In the entries below, the lines from the one with "have [ai hi]" through the one with "End Borders." are to be copied exactly; both ends count.

MATERIAL SUPPLIED:

-- -- --

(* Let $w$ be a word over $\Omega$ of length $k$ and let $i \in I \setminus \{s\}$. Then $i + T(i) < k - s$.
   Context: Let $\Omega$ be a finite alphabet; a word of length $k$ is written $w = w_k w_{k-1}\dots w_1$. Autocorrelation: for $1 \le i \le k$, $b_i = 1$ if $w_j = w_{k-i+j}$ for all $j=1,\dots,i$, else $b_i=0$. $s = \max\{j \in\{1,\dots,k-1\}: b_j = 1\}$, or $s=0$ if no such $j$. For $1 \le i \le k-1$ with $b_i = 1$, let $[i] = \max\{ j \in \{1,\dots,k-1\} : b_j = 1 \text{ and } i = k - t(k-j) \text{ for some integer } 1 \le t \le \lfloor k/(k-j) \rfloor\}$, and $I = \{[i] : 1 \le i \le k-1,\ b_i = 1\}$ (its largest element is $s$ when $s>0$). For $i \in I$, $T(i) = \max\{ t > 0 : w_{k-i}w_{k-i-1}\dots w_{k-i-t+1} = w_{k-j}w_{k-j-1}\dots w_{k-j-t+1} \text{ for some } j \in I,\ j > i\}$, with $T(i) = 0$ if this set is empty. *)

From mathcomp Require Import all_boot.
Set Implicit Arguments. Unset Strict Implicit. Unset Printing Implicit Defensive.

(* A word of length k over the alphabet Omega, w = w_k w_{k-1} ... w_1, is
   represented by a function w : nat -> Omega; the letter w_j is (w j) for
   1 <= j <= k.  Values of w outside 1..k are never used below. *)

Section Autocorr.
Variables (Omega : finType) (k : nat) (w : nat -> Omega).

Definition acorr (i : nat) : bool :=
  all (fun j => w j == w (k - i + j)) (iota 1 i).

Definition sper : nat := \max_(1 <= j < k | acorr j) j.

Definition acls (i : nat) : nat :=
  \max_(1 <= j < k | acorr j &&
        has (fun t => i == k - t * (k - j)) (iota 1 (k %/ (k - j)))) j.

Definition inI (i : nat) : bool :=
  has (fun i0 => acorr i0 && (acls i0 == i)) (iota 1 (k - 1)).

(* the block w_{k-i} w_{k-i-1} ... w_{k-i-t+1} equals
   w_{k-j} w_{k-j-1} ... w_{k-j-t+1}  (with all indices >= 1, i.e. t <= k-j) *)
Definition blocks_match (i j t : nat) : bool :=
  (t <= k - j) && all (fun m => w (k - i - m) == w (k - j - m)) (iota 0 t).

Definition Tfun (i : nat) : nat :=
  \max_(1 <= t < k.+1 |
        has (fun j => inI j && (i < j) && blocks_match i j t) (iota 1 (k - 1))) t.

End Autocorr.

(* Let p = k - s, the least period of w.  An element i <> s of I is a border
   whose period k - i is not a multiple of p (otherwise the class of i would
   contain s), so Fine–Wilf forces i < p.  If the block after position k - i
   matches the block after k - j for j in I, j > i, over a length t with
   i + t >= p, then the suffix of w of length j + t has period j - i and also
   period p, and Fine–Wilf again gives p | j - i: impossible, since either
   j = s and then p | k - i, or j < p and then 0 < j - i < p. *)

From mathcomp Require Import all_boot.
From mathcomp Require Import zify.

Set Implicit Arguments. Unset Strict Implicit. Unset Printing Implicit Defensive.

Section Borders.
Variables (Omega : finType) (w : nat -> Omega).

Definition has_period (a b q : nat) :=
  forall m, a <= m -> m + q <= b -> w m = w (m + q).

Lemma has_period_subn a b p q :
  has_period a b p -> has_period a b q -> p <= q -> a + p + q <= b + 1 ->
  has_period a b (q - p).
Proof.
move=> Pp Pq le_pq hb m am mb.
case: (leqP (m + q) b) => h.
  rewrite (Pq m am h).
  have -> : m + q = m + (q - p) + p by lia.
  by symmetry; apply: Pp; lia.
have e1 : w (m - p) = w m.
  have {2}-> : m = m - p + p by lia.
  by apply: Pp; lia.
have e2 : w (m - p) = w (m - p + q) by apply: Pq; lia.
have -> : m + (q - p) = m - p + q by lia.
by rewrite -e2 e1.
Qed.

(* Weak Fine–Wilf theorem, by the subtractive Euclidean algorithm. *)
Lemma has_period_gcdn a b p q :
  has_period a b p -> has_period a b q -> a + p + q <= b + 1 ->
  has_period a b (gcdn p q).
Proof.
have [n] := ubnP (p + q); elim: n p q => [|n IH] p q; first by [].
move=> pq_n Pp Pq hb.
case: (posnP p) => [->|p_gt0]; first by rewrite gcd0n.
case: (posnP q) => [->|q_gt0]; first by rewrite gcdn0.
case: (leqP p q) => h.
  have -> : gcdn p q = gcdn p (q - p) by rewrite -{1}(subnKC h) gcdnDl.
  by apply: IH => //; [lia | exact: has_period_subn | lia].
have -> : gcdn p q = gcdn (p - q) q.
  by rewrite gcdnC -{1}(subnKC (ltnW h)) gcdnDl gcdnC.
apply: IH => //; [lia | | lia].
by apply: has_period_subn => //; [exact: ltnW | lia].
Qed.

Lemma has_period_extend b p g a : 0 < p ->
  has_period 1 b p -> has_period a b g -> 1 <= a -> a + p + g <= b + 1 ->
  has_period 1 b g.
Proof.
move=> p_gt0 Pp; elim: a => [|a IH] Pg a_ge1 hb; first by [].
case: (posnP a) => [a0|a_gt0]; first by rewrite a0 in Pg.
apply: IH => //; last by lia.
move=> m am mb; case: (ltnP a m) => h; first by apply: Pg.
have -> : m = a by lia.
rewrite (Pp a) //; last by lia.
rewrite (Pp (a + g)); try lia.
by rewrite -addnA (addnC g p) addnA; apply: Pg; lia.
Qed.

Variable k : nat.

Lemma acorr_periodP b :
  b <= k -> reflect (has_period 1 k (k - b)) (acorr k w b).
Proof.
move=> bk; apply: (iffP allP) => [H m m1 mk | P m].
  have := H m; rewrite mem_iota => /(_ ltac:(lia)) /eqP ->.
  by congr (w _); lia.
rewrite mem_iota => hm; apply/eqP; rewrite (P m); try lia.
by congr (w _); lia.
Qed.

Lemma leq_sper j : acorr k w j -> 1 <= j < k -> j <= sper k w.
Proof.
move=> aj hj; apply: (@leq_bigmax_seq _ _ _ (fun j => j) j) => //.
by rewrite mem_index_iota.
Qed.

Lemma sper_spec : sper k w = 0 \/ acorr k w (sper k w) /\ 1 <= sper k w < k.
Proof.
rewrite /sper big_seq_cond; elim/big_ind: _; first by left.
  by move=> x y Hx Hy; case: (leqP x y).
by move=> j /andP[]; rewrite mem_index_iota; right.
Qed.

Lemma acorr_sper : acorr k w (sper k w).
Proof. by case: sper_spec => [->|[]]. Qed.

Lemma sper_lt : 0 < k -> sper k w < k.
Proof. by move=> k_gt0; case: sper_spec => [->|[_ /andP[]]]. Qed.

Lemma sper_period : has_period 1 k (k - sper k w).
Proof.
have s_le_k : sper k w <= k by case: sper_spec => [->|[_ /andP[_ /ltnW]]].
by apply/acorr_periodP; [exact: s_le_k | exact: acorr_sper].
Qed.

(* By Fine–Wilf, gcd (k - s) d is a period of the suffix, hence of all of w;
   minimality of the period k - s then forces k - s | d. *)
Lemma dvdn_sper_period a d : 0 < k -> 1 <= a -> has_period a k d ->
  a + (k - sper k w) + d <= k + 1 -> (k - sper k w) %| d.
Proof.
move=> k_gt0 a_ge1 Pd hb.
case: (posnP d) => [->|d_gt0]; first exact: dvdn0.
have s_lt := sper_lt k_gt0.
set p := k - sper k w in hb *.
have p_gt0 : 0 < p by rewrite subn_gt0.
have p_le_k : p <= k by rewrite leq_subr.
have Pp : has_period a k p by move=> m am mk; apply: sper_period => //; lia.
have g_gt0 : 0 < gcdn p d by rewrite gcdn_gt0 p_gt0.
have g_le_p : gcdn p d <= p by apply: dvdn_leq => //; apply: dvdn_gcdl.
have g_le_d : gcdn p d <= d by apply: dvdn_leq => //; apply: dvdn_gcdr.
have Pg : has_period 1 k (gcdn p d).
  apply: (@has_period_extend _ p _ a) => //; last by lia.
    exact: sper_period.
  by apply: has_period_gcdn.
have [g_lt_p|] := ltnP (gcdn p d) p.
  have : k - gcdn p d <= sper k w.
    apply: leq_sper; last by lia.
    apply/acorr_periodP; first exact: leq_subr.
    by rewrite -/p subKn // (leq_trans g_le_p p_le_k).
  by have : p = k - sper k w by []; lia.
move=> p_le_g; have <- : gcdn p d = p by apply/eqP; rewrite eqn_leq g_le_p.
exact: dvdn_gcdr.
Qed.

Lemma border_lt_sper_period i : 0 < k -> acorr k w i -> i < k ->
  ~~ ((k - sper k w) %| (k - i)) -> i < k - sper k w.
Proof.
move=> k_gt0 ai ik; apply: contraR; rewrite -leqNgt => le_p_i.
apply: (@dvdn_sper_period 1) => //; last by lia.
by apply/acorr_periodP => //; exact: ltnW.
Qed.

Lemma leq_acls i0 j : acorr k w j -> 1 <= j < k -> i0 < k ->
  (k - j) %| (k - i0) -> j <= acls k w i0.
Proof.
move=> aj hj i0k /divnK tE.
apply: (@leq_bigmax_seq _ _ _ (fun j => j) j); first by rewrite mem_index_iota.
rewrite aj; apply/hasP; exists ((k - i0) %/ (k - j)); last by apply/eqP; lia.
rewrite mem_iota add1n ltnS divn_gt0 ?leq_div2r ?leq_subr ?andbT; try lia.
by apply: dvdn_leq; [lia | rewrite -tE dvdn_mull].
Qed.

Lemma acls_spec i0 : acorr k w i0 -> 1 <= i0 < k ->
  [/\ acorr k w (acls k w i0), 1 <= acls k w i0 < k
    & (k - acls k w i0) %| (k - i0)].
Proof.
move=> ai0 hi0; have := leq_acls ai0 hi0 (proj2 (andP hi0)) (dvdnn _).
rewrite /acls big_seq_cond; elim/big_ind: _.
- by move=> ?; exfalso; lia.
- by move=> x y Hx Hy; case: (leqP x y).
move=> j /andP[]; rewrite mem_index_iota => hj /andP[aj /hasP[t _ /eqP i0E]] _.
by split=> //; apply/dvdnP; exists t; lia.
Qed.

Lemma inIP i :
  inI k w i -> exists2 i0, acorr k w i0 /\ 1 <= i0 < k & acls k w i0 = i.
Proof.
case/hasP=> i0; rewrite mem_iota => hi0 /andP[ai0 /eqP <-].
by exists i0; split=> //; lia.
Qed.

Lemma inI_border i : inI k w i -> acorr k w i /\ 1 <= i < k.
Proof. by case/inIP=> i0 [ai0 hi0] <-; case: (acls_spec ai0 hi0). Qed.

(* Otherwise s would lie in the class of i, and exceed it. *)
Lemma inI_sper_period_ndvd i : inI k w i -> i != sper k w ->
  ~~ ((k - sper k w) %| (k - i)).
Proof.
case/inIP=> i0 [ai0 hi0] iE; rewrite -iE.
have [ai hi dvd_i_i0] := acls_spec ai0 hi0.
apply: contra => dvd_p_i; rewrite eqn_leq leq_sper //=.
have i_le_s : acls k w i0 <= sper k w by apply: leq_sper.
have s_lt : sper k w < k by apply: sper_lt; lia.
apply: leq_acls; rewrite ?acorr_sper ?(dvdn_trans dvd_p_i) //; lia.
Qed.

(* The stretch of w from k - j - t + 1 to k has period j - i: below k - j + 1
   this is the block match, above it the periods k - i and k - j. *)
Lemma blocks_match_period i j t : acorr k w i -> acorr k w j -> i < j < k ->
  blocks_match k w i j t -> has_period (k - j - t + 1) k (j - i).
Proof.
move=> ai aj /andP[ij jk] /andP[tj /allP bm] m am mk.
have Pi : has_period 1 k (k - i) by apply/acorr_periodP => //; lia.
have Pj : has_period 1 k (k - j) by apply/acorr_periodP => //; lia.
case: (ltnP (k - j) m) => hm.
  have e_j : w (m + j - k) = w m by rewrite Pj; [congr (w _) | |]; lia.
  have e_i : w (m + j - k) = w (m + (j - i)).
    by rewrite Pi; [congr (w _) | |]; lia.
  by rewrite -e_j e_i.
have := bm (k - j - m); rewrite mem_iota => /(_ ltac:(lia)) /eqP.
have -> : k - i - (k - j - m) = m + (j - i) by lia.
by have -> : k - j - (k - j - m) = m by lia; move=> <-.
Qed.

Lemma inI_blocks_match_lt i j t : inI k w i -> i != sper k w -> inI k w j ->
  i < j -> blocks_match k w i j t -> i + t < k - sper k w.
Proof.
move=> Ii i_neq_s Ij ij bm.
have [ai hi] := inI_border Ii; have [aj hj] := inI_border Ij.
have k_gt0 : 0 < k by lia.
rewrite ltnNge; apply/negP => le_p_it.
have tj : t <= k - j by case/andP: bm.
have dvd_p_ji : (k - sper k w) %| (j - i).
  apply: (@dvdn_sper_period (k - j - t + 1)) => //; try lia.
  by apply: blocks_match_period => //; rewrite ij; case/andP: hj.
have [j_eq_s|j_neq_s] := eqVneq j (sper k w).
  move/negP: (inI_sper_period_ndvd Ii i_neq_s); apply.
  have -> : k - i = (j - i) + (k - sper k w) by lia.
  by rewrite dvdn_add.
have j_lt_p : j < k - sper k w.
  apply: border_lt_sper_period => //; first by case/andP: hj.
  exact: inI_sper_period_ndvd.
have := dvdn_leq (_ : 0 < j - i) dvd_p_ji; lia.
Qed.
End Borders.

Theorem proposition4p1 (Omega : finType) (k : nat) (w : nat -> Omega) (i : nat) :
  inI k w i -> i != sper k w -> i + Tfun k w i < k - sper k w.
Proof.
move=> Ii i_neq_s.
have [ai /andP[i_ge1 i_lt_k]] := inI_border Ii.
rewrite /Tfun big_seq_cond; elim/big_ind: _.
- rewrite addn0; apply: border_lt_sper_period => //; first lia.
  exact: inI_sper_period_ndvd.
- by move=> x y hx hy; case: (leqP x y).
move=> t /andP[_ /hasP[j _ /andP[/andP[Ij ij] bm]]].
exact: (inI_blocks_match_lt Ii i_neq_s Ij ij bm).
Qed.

-- -- --

SOLUTION:
have [ai hi] := inI_border Ii; have [aj hj] := inI_border Ij.
have k_gt0 : 0 < k by lia.
rewrite ltnNge; apply/negP => le_p_it.
have tj : t <= k - j by case/andP: bm.
have dvd_p_ji : (k - sper k w) %| (j - i).
  apply: (@dvdn_sper_period (k - j - t + 1)) => //; try lia.
  by apply: blocks_match_period => //; rewrite ij; case/andP: hj.
have [j_eq_s|j_neq_s] := eqVneq j (sper k w).
  move/negP: (inI_sper_period_ndvd Ii i_neq_s); apply.
  have -> : k - i = (j - i) + (k - sper k w) by lia.
  by rewrite dvdn_add.
have j_lt_p : j < k - sper k w.
  apply: border_lt_sper_period => //; first by case/andP: hj.
  exact: inI_sper_period_ndvd.
have := dvdn_leq (_ : 0 < j - i) dvd_p_ji; lia.
Qed.
End Borders.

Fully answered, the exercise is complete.